(* Let $\mathcal{C}_{\mathrm{norm}}:=\operatorname{conv}(\{\Sigma_e/\operatorname{Tr}(\Sigma_e)\}_{e\in\mathcal{E}})$ and let $\mathcal{P}_{\mathrm{norm}}$ be the set of distributions $P$ on $\mathbb{R}^{1\times p}$ with $\mathbb{E}_P[\mathbf{x}]=0$, finite second moments, $\mathbb{E}_P\|\mathbf{x}\|_2^2>0$ and $\mathbb{E}_P[\mathbf{x}^\top\mathbf{x}]/\mathbb{E}_P[\|\mathbf{x}\|_2^2]\in\mathcal{C}_{\mathrm{norm}}$. Let $\mathcal{L}$ be one of $\mathcal{L}_{\mathrm{normRCS}}$, $-\mathcal{L}_{\mathrm{normVar}}$, $\mathcal{L}_{\mathrm{normReg}}$ and let $V_k^*\in\arg\min_{V\in\mathcal{O}_{p\times k}}\max_{e\in\mathcal{E}}\mathcal{L}(V;P_e)$ (i.e. $V_k^*$ solves norm-maxRCS, norm-minPCA, norm-maxRegret respectively). Then: (i) for all $V\in\mathcal{O}_{p\times k}$, $\sup_{P\in\mathcal{P}_{\mathrm{norm}}}\mathcal{L}(V;P)=\max_{e\in\mathcal{E}}\mathcal{L}(V;P_e)$; (ii) for all $V,W\in\mathcal{O}_{p\times k}$, if $\max_e\mathcal{L}(V;P_e)<\max_e\mathcal{L}(W;P_e)$ then $\sup_{P\in\mathcal{P}_{\mathrm{norm}}}\mathcal{L}(V;P)<\sup_{P\in\mathcal{P}_{\mathrm{norm}}}\mathcal{L}(W;P)$; (iii) $V_k^*\in\arg\min_{V\in\mathcal{O}_{p\times k}}\sup_{P\in\mathcal{P}_{\mathrm{norm}}}\mathcal{L}(V;P)$; (iv) the conclusion of (iii) does not hold in general for the solutions of poolPCA and sepPCA.
   Context: Let $p\ge 1$ and $1\le k\le p$ be integers and $\mathcal{O}_{p\times k}:=\{V\in\mathbb{R}^{p\times k}: V^\top V=I_k\}$. Source domains are $\mathcal{E}=\{1,\dots,E\}$; for each $e$, $P_e$ is a distribution on $\mathbb{R}^{1\times p}$ with mean zero and finite covariance $\Sigma_e=\mathbb{E}[\mathbf{x}^\top\mathbf{x}]$, $\operatorname{Tr}(\Sigma_e)>0$; weights $w_e>0$, $\sum_e w_e=1$. For symmetric PSD $\Sigma$ with positive trace and $V\in\mathcal{O}_{p\times k}$: $\mathcal{L}_{\mathrm{normVar}}(V;\Sigma)=\operatorname{Tr}(V^\top\Sigma V)/\operatorname{Tr}(\Sigma)$, $\mathcal{L}_{\mathrm{normRCS}}(V;\Sigma)=(\operatorname{Tr}(\Sigma)-\operatorname{Tr}(V^\top\Sigma V))/\operatorname{Tr}(\Sigma)$ ($=\mathbb{E}\|\mathbf{x}-\mathbf{x}VV^\top\|_2^2/\mathbb{E}\|\mathbf{x}\|_2^2$), $\mathcal{L}_{\mathrm{normReg}}(V;\Sigma)=\mathcal{L}_{\mathrm{normRCS}}(V;\Sigma)-\min_{W\in\mathcal{O}_{p\times k}}\mathcal{L}_{\mathrm{normRCS}}(W;\Sigma)$; for $P$ with covariance $\Sigma$, $\mathcal{L}(V;P):=\mathcal{L}(V;\Sigma)$. poolPCA: $V^{\mathrm{pool}}\in\arg\max_V\operatorname{Tr}(V^\top(\sum_e w_e\Sigma_e)V)$. sepPCA: with $V^{*,e}\in\arg\max_V\operatorname{Tr}(V^\top\Sigma_eV)$ and $e_0$ the smallest index minimizing $\operatorname{Tr}((V^{*,e})^\top\Sigma_eV^{*,e})$, $V^{\mathrm{sep}}:=V^{*,e_0}$. *)

(* R : realType, distributions on
   R^{1 x p} are probability measures on the measurable space p.-tuple R
   (product Borel sigma-algebra, as provided by measurable_structure.v). *)
From HB Require Import structures.
From mathcomp Require Import all_boot all_order all_algebra.
From mathcomp Require Import all_classical all_reals all_analysis.
Set Implicit Arguments. Unset Strict Implicit. Unset Printing Implicit Defensive.
Import Order.TTheory GRing.Theory Num.Theory.
Local Open Scope classical_set_scope.
Local Open Scope ring_scope.
(* The enumeration of all maximal satisfying assignments of antimonotone Boolean formulas in conjunctive normal form is equivalent to \textsc{Transversal Hypergraph} under parsimonious reductions. In particular, there is a parsimonious reduction from \textsc{Transversal Hypergraph} to \textsc{Enumerate Maximal Satisfying WA3NS Assignments}.
   Context: A Boolean formula is antimonotone if all its literals are negative; it is 3-normalized if it is a conjunction of disjunctions of conjunctions of literals. Assignments are identified with the sets of variables set to true; a satisfying assignment is maximal if no proper superset of it is satisfying. A hypergraph is a non-empty finite vertex set $V$ with edges $\mathcal{H}\subseteq\mathcal{P}(V)$; $\mathrm{Tr}(\mathcal{H})$ is the set of inclusion-minimal sets $T\subseteq V$ meeting every edge. \textsc{Transversal Hypergraph}: given $(V,\mathcal{H})$, list $\mathrm{Tr}(\mathcal{H})$. \textsc{Enumerate Maximal Satisfying WA3NS Assignments}: given an antimonotone 3-normalized formula, list all its maximal satisfying assignments. An enumeration problem maps each instance $I$ to a finite solution set $\Pi(I)$; a parsimonious reduction from $\Pi$ to $\Pi'$ is a pair of polynomial-time computable functions $f,g$ such that for every instance $I$, $g(I,\cdot)$ is a bijection from $\Pi'(f(I))$ to $\Pi(I)$. *)

From mathcomp Require Import all_boot.
Set Implicit Arguments. Unset Strict Implicit. Unset Printing Implicit Defensive.
Lemma sum_nat_in n a b : \sum_(0 <= i < n) (a <= i < b) = minn b n - minn a n.
Proof. by elim: n => [|n IH]; [rewrite big_geq | rewrite big_nat_recr //= IH]; lia. Qed.

Lemma sum_nat_bool_le n (P : nat -> bool) : \sum_(0 <= i < n) P i <= n.
Proof. by rewrite -{2}(minnn n) -sum_nat_lt; apply: leq_sum_nat => i ->; case: (P i). Qed.

Section Ranking.
Variables (n : nat) (A : nat -> nat).

Definition precedes u v : bool := (A v < A u) || ((A u == A v) && (u < v)).

Definition rank v := \sum_(0 <= u < n) precedes u v.

Definition nsat (P : pred nat) := \sum_(0 <= u < n) P (A u).

Lemma precedes_irr v : precedes v v = false.
Proof. rewrite /precedes; lia. Qed.

Lemma precedes_trans u v w : precedes u v -> precedes v w -> precedes u w.
Proof. rewrite /precedes; lia. Qed.

Lemma precedes_total u v : u != v -> precedes u v || precedes v u.
Proof. rewrite /precedes; lia. Qed.

Lemma rank_upclosed (P : pred nat) v :
  (forall a b, a <= b -> P a -> P b) -> v < n -> P (A v) = (rank v < nsat P).
Proof.
move=> Pup lt_vn; case Pv: (P (A v)); apply/esym.
- have : \sum_(0 <= u < n) (precedes u v + (u == v)) <= nsat P.
    apply: leq_sum_nat => u _; case: eqP => [->|_]; first by rewrite precedes_irr Pv.
    rewrite addn0; case uv: (precedes u v) => //.
    by rewrite (Pup (A v)) //; move: uv; rewrite /precedes; lia.
  by rewrite big_split sum_nat_eq lt_vn /= addn1.
- rewrite ltnNge; apply/negbF; apply: leq_sum_nat => u _.
  case Pu: (P (A u)) => //=; suff: A v < A u by rewrite /precedes => ->.
  by rewrite ltnNge; apply/negP => le_uv; rewrite (Pup _ _ le_uv Pu) in Pv.
Qed.

Lemma rank_lt v : v < n -> rank v < n.
Proof.
move=> lt_vn; have := @rank_upclosed predT v (fun _ _ _ _ => erefl) lt_vn.
by rewrite /nsat sum_nat_const_nat subn0 muln1.
Qed.

Lemma rank_mono u v : u < n -> v < n -> precedes u v -> rank u < rank v.
Proof.
move=> lt_un _ uv.
have : \sum_(0 <= w < n) (precedes w u + (w == u)) <= rank v.
  apply: leq_sum_nat => w _; case: eqP => [->|_]; first by rewrite precedes_irr uv.
  by rewrite addn0; case wu: (precedes w u) => //; rewrite (precedes_trans wu uv).
by rewrite big_split sum_nat_eq lt_un /= addn1.
Qed.

Lemma rank_inj u v : u < n -> v < n -> rank u = rank v -> u = v.
Proof.
move=> lt_un lt_vn eq_r; apply/eqP; apply: contraT => neq_uv.
by case/orP: (precedes_total neq_uv) => /rank_mono => [/(_ lt_un lt_vn)|/(_ lt_vn lt_un)];
  rewrite eq_r ltnn.
Qed.

Lemma sum_rank (F : nat -> nat) :
  \sum_(0 <= v < n) F (rank v) = \sum_(0 <= i < n) F i.
Proof.
rewrite !big_mkord; pose h (v : 'I_n) : 'I_n := Ordinal (rank_lt (ltn_ord v)).
have h_inj : injective h.
  by move=> u v /(congr1 val) /rank_inj eq_uv; apply/val_inj/eq_uv.
by rewrite [RHS](reindex_inj h_inj).
Qed.

End Ranking.

Section Greedy.
Variables (n s ds r : nat) (A : nat -> nat).

Definition major := (s + ds) %/ 2 + 1.
Definition elig_min := major - ds.
Definition dsize := n * ds %/ (s + ds).
Definition nelig := nsat n A (fun a => elig_min <= a).

(* Rank the vertices by decreasing A.  The greedy D and R share the first
   dsize + r ranks, R being the last r of them among the eligible vertices,
   which are exactly the ranks below nelig. *)
Definition hiR := minn nelig (dsize + r).
Definition loR := hiR - r.
Definition greedyR v := (loR <= rank n A v) && (rank n A v < hiR).
Definition greedyD v := (rank n A v < dsize + r) && ~~ greedyR v.

Definition supply_of (D : nat -> bool) := \sum_(0 <= v < n) D v * A v.
Definition demand_of (R : nat -> bool) := \sum_(0 <= v < n) R v * (major - A v).
Definition weight (D R : nat -> bool) :=
  \sum_(0 <= v < n) (D v * A v + R v * minn (A v) major).

Definition greedy_test :=
  [&& dsize * (s + ds) == n * ds, dsize + r <= n, r <= nelig &
      demand_of greedyR <= supply_of greedyD].

Lemma demand_le_supply_weight (D R : nat -> bool) :
  \sum_(0 <= v < n) R v = r ->
  (demand_of R <= supply_of D) = (r * major <= weight D R).
Proof.
move=> sumR; have -> : demand_of R = r * major - \sum_(0 <= v < n) R v * minn (A v) major.
  rewrite -sumR big_distrl /= -sumnB; last by move=> v _; case: (R v); lia.
  by apply: eq_big_nat => v _; case: (R v); lia.
by rewrite leq_subLR /weight big_split addnC.
Qed.

Lemma greedyR_elig v : v < n -> r <= nelig -> greedyR v -> elig_min <= A v.
Proof.
move=> lt_vn r_le; rewrite (@rank_upclosed n A (fun a => elig_min <= a)) //; last lia.
by rewrite /greedyR /hiR /loR -/nelig; lia.
Qed.

Lemma sum_greedyR : dsize + r <= n -> r <= nelig -> \sum_(0 <= v < n) greedyR v = r.
Proof.
move=> kr_le r_le; rewrite /greedyR (sum_rank n A (fun i => (loR <= i) && (i < hiR))).
by rewrite sum_nat_in /loR /hiR; lia.
Qed.

Lemma sum_greedyD : dsize + r <= n -> r <= nelig -> \sum_(0 <= v < n) greedyD v = dsize.
Proof.
move=> kr_le r_le; rewrite /greedyD /greedyR.
rewrite (sum_rank n A (fun i => (i < dsize + r) && ~~ ((loR <= i) && (i < hiR)))).
have : \sum_(0 <= i < n) ((i < dsize + r) && ~~ ((loR <= i) && (i < hiR)))
   + \sum_(0 <= i < n) ((loR <= i) && (i < hiR)) = \sum_(0 <= i < n) (i < dsize + r).
  by rewrite -big_split /=; apply: eq_big_nat => i _; rewrite /loR /hiR; lia.
by rewrite sum_nat_in sum_nat_lt /loR /hiR; lia.
Qed.

Definition layer (D R : nat -> bool) t :=
  \sum_(0 <= v < n) (D v * (t < A v) + R v * ((t < A v) && (t < major))).

Hypothesis A_le_s : forall v, v < n -> A v <= s.

Lemma weight_layers D R : weight D R = \sum_(0 <= t < s) layer D R t.
Proof.
rewrite /weight /layer exchange_big_nat; apply: eq_big_nat => v /andP[_ lt_vn].
rewrite big_split -!big_distrr /= sum_nat_lt.
under eq_big_nat => t _ do rewrite -ltn_min.
by rewrite sum_nat_lt; have := A_le_s lt_vn; lia.
Qed.

Let above t := nsat n A (fun a => t < a).

Let above_rank t v : v < n -> (t < A v) = (rank n A v < above t).
Proof. by move=> lt_vn; apply: (@rank_upclosed n A (fun a => t < a)) => // a b /=; lia. Qed.

Lemma layer_greedy_lt t : t < major -> layer greedyD greedyR t = minn (dsize + r) (above t).
Proof.
move=> lt_tM; have above_le : above t <= n by apply: sum_nat_bool_le.
rewrite /layer; transitivity (\sum_(0 <= v < n) (rank n A v < minn (dsize + r) (above t))).
  apply: eq_big_nat => v /andP[_ lt_vn]; rewrite above_rank // lt_tM /greedyD /greedyR.
  by rewrite /loR /hiR; lia.
by rewrite (sum_rank n A (fun i => i < minn (dsize + r) (above t))) sum_nat_lt; lia.
Qed.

------------------------

**Exercise description**
Write out each line of the data that holds the string "nelig".

**Exercise result**
Definition nelig := nsat n A (fun a => elig_min <= a).
   which are exactly the ranks below nelig. *)
Definition hiR := minn nelig (dsize + r).
  [&& dsize * (s + ds) == n * ds, dsize + r <= n, r <= nelig &
Lemma greedyR_elig v : v < n -> r <= nelig -> greedyR v -> elig_min <= A v.
by rewrite /greedyR /hiR /loR -/nelig; lia.
Lemma sum_greedyR : dsize + r <= n -> r <= nelig -> \sum_(0 <= v < n) greedyR v = r.
Lemma sum_greedyD : dsize + r <= n -> r <= nelig -> \sum_(0 <= v < n) greedyD v = dsize.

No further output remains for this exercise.